今回取り上げるお椀は「漆器」。値段もそれなりにしますし、ルールや決まりがあって選ぶのが難しそうなイメージです。その反面、編集部内で「挑戦したい」という声が多かったアイテムでもありました。

初心者でも扱いやすく、きちんと作られていて、長く使えるお椀。一体どうやって選べばいいんでしょうか?

どんな種類があるの? 正式なスタイルって?

さまざまな種類の漆器を並べたところ

教えていただくのは、各メディアで器の愉しみ方を提案する、器キュレーターのはるやまひろたかさん。まず、漆器の初心者からよく聞くのが「正式なスタイルはあるの?」という疑問です。

「汁物を入れるお椀は『汁椀』と呼びます。さまざまな種類がありますが、その中でも漆器の汁椀はスタンダードと言えるもの。さらに、漆器の汁椀にもさまざまなタイプがありますが、特に『正式』と決まった正解はありません。あらたまった席では蓋付きが使われることが多いですが、ふだん使いという前提で言わせてもらえば、『これでなければいけない』ということはないんです」

形でいうと、1、2のようなボウルタイプや、3のような丸みを帯びた形、4のように縁が反ったものや5の蓋付き、6のような足が高く大きいタイプなどがあります。
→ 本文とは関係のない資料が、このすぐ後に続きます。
(* Let $\nu$ be a probability density on $\mathsf{X}\subset\mathbb{R}^{d_{x}}$, for each $x\in\mathsf{X}$ let $f_{x}$ be a probability density on $\mathsf{Y}\subset\mathbb{R}^{d}$, fix $y\in\mathsf{Y}$ and $\epsilon>0$, and set $\ell_{\mathrm{ABC}}(x):=\mathbb{P}_{x}(|z-y|<\epsilon)$ for $z\sim f_{x}$, assumed positive for all $x$. Let $\pi(\mathrm{d}x)\propto\nu(x)\ell_{\mathrm{ABC}}(x)\mathrm{d}x$. For $N\in\mathbb{N}$ and $x\in\mathsf{X}$, let $z_{1},\dots,z_{N}\overset{\mathrm{iid}}{\sim}f_{x}$, $W_{j}:=1/\ell_{\mathrm{ABC}}(x)$ if $|z_{j}-y|<\epsilon$ and $W_{j}:=0$ otherwise, $\mathcal{W}_{N}:=\frac{1}{N}\sum_{j=1}^{N}W_{j}$, let $Q_{x}$ be the law of $\mathcal{W}_{N}$ and $\tilde{\pi}_{x}(\mathrm{d}w):=wQ_{x}(\mathrm{d}w)$. Let $p\in\mathbb{N}$ and suppose $\int_{\mathsf{X}}\nu(x)\ell_{\mathrm{ABC}}^{-(p-1)}(x)\,\mathrm{d}x<\infty$. Then there is $C_{N,p}>0$ such that for all $s>0$, \[ \int_{\mathsf{X}}\pi(\mathrm{d}x)\,\tilde{\pi}_{x}(\mathcal{W}_{N}\ge s)\le C_{N,p}\,s^{-p}, \] and $C_{N,p}=1+O(1/N)$ as $N\to\infty$. In particular, the hypothesis holds for $p=1$.
   Context: $|\cdot|$ is the Euclidean norm. Under $Q_{x}$, $\mathcal{W}_{N}$ has mean $1$, and $\ell_{\mathrm{ABC}}(x)\sum_{j}W_{j}\sim\mathrm{Bin}(N,\ell_{\mathrm{ABC}}(x))$. *)

From HB Require Import structures.
From mathcomp Require Import all_boot all_order all_algebra.
From mathcomp Require Import all_classical all_reals all_analysis.
Set Implicit Arguments. Unset Strict Implicit. Unset Printing Implicit Defensive.
Import Order.TTheory GRing.Theory Num.Theory.
Local Open Scope ring_scope.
「例えば6は『合鹿椀(ごうろくわん)』と呼ばれるもので、もともと石川県能登の合鹿地方で作られていたローカルなお椀の形状。床に置いた状態で食事がしやすいよう、高台(脚の部分)が高くなっています。そういう背景から見えてくるのは、地方ごとに育まれた形状や塗り方などがあるということ。面白い点ですよね。それだけバリエーションがあるのだから、今の時代、少なくともふだん使いでは、『正式』かどうかを気にする必要はないんじゃないでしょうか」

色も、漆器というと「朱色」や「黒」のイメージがありますが、木目が見えるものや、(写真にはありませんが)緑やベージュのものなど、広いバリエーションがあるんだそう。

プロが教える、長く使える「汁椀」選びのコツ4つ

話をしているはるやまひろたかさん

では、長く使える漆器の汁椀はどうやって選んだらいいのでしょうか? 選び方のコツを4つ教えていただきました。

【コツ1】装飾が少なく、落ち着いた色のものを選ぶ

【コツ2】味噌汁以外の用途も考える

【コツ3】選ぶなら「木製」のものを

【コツ4】迷ったら、最初は「拭き漆」がおすすめ

実際に例を見ながら、詳しく解説していただきました。

【コツ1】装飾が少なく、落ち着いた色のものを選ぶ

さまざまな種類の漆器を並べたところ

「漆器というとハレのイメージも強くありますが、ふだん使いをするなら、できるだけ蒔絵などの装飾が少ないものが食卓になじみやすく、扱いやすいです。蓋付きのものが欲しいという場合も、(上の写真中央にあるような)落ち着いたテイストのものを選ぶといいでしょう」

明るい朱色と暗い朱色の比較

「また、漆器の汁椀は朱色が派手だから……と敬遠される方もいますが、朱色といっても色のトーンはさまざまです。発色のいい朱色(上記写真左)ではなく、落ち着いた朱色(写真右)を選べば食卓になじみやすいので、ぜひ怖がらずに挑戦してみてほしいですね」

【コツ2】味噌汁以外の用途も考える

漆器のボウルにコーンスープを入れたところ 

2つ目は、意外にも「和食以外の用途」を想定するというコツ。

「漆器の汁椀だからといって味噌汁やお吸い物しか入れられない、というわけではありません。ふだんの食卓では和食以外のスープを食べることも多くありますから、それらを入れて使うことも想定すると、毎日使いやすいものが選べます。漆器は手に持っても熱くなく、軽くて使いやすい器。いろいろな用途で活用できるんです」

【コツ3】選ぶなら「木製」のものを

木の器体に漆を塗り重ねた、8段階の漆器の比較 

漆器は木などの「器体」と呼ばれる土台に漆を塗って仕上げた器。器体は木製だけかと思いきや、プラスチックや木の粉をかためた「木乾」など、さまざまな種類があるといいます。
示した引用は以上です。